Collected data entries
Lemma short_crossing_meets_wedge_ball_points idx p q l r : In p idx ->
  chain adj (left_pt p) l -> last l (left_pt p) = right_pt q -> (length l < r)%nat ->
  exists x, In x (left_pt p :: l) /\ In x (wedge_ball_points (map left_pt idx) r).
Proof.
  intros Hp Hch Hl Hr.
  assert (Hright : right_of_wedge w (f (last l (left_pt p)))) by (rewrite Hl; apply right_pt_right).
  destruct (chain_meets_wedge _ _ Hch (left_pt_left p) Hright) as [x [Hx Hw]].
  exists x. split; [exact Hx|]. apply In_wedge_ball_points. split; [|exact Hw].
  exists (left_pt p). split; [now apply in_map|].
  destruct (chain_prefix adj l (left_pt p) x Hch Hx) as [l1 [Hc1 [<- Hlen1]]].
  apply in_ball_of_chain; [exact Hc1|lia].
Qed.

Lemma cayley_graph_extraterrestrial : extraterrestrial adj.
Proof.
  assert (Hb : forall x, 0 < w * snd (f x)).
  { intros x. pose proof (Hf_H x). pose proof wedge_slope_ge1. nra. }
  apply (@extraterrestrial_of_families G (nat * nat) adj (fun x => left_of_wedge w (f x))
           (fun x => right_of_wedge w (f x)) (fun x => in_wedge w (f x)));
    unfold left_of_wedge, right_of_wedge, in_wedge.
  - intros x H1 H2. pose proof (Hb x). lra.
  - intros x H1 H2. apply Rabs_le_inv in H2. pose proof (Hb x). lra.
  - intros x H1 H2. apply Rabs_le_inv in H1. pose proof (Hb x). lra.
  - intros m. set (I := (m * layer_size * levels_per_row + 1)%nat).
    exists (mirror_radius I). intros r.
    set (J := (m * layer_size * level_pad r + 1)%nat).
    set (idx := list_prod (seq 0 J) (seq 0 I)).
    exists idx, left_pt, right_pt, (wedge_ball_points (map left_pt idx) r).
    assert (Hlen : length idx = (J * I)%nat) by (unfold idx; now rewrite length_prod, !length_seq).
    repeat split.
    + apply NoDup_list_prod; apply seq_NoDup.
    + intros E. rewrite E in Hlen. simpl in Hlen. unfold I, J in Hlen. lia.
    + intros p q. apply cf_grid_point_inj. rewrite Rabs_left; lra.
    + intros p q. apply cf_grid_point_inj. apply Rabs_R1.
    + apply left_pt_left.
    + apply right_pt_right.
    + apply NoDup_nodup.
    + intros x Hx. apply In_wedge_ball_points in Hx. apply Hx.
    + pose proof (card_wedge_ball_points J I r) as Hcard.
      apply (Nat.mul_le_mono_l _ _ m) in Hcard.
      assert (J * I = m * ((J * levels_per_row + level_pad r) * layer_size) + 1)%nat
        by (unfold I, J; ring).
      fold idx in Hcard. lia.
    + intros [j i] Hp. apply in_prod_iff in Hp. destruct Hp as [_ Hi]. apply in_seq in Hi.
      apply gdist_left_right_pt. lia.
    + intros p q l Hp _. now apply short_crossing_meets_wedge_ball_points.
Qed.

End QuasiIsometricToH.

Theorem mainTheorem16 (G : Type) (g : group_str G) :
  (exists (S : list G) (f : G -> R * R), finite_sym_gen_set g S /\ qi_to_H g S f) ->
  group_extraterrestrial g.
Proof.
  intros [S [f [HS [Hf_H [lam [C [Hlam [_ [Hqi Hdense]]]]]]]]].
  exists S. split; [exact HS|].
  assert (Hcf : exists cf : R * R -> G, forall z, in_H z -> hyp_dist (f (cf z)) z <= C).
  { apply (choice (fun z x => in_H z -> hyp_dist (f x) z <= C)). intros z.
    destruct (classic (in_H z)) as [Hz|Hz].
    - destruct (Hdense z Hz) as [x Hx]. now exists x.
    - exists (gone g). contradiction. }
  destruct Hcf as [cf Hcf].
  exact (cayley_graph_extraterrestrial G g S f lam C cf HS Hlam Hf_H Hqi Hcf).
Qed.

- **Task requirements**:
Reproduce, exactly as they stand in the data above, the lines from the one that holds "assert (Hlen : length" to the one that holds "by (unfold I, J; ring).", inclusive.

- **Solution to this task**:
    assert (Hlen : length idx = (J * I)%nat) by (unfold idx; now rewrite length_prod, !length_seq).
    repeat split.
    + apply NoDup_list_prod; apply seq_NoDup.
    + intros E. rewrite E in Hlen. simpl in Hlen. unfold I, J in Hlen. lia.
    + intros p q. apply cf_grid_point_inj. rewrite Rabs_left; lra.
    + intros p q. apply cf_grid_point_inj. apply Rabs_R1.
    + apply left_pt_left.
    + apply right_pt_right.
    + apply NoDup_nodup.
    + intros x Hx. apply In_wedge_ball_points in Hx. apply Hx.
    + pose proof (card_wedge_ball_points J I r) as Hcard.
      apply (Nat.mul_le_mono_l _ _ m) in Hcard.
      assert (J * I = m * ((J * levels_per_row + level_pad r) * layer_size) + 1)%nat
        by (unfold I, J; ring).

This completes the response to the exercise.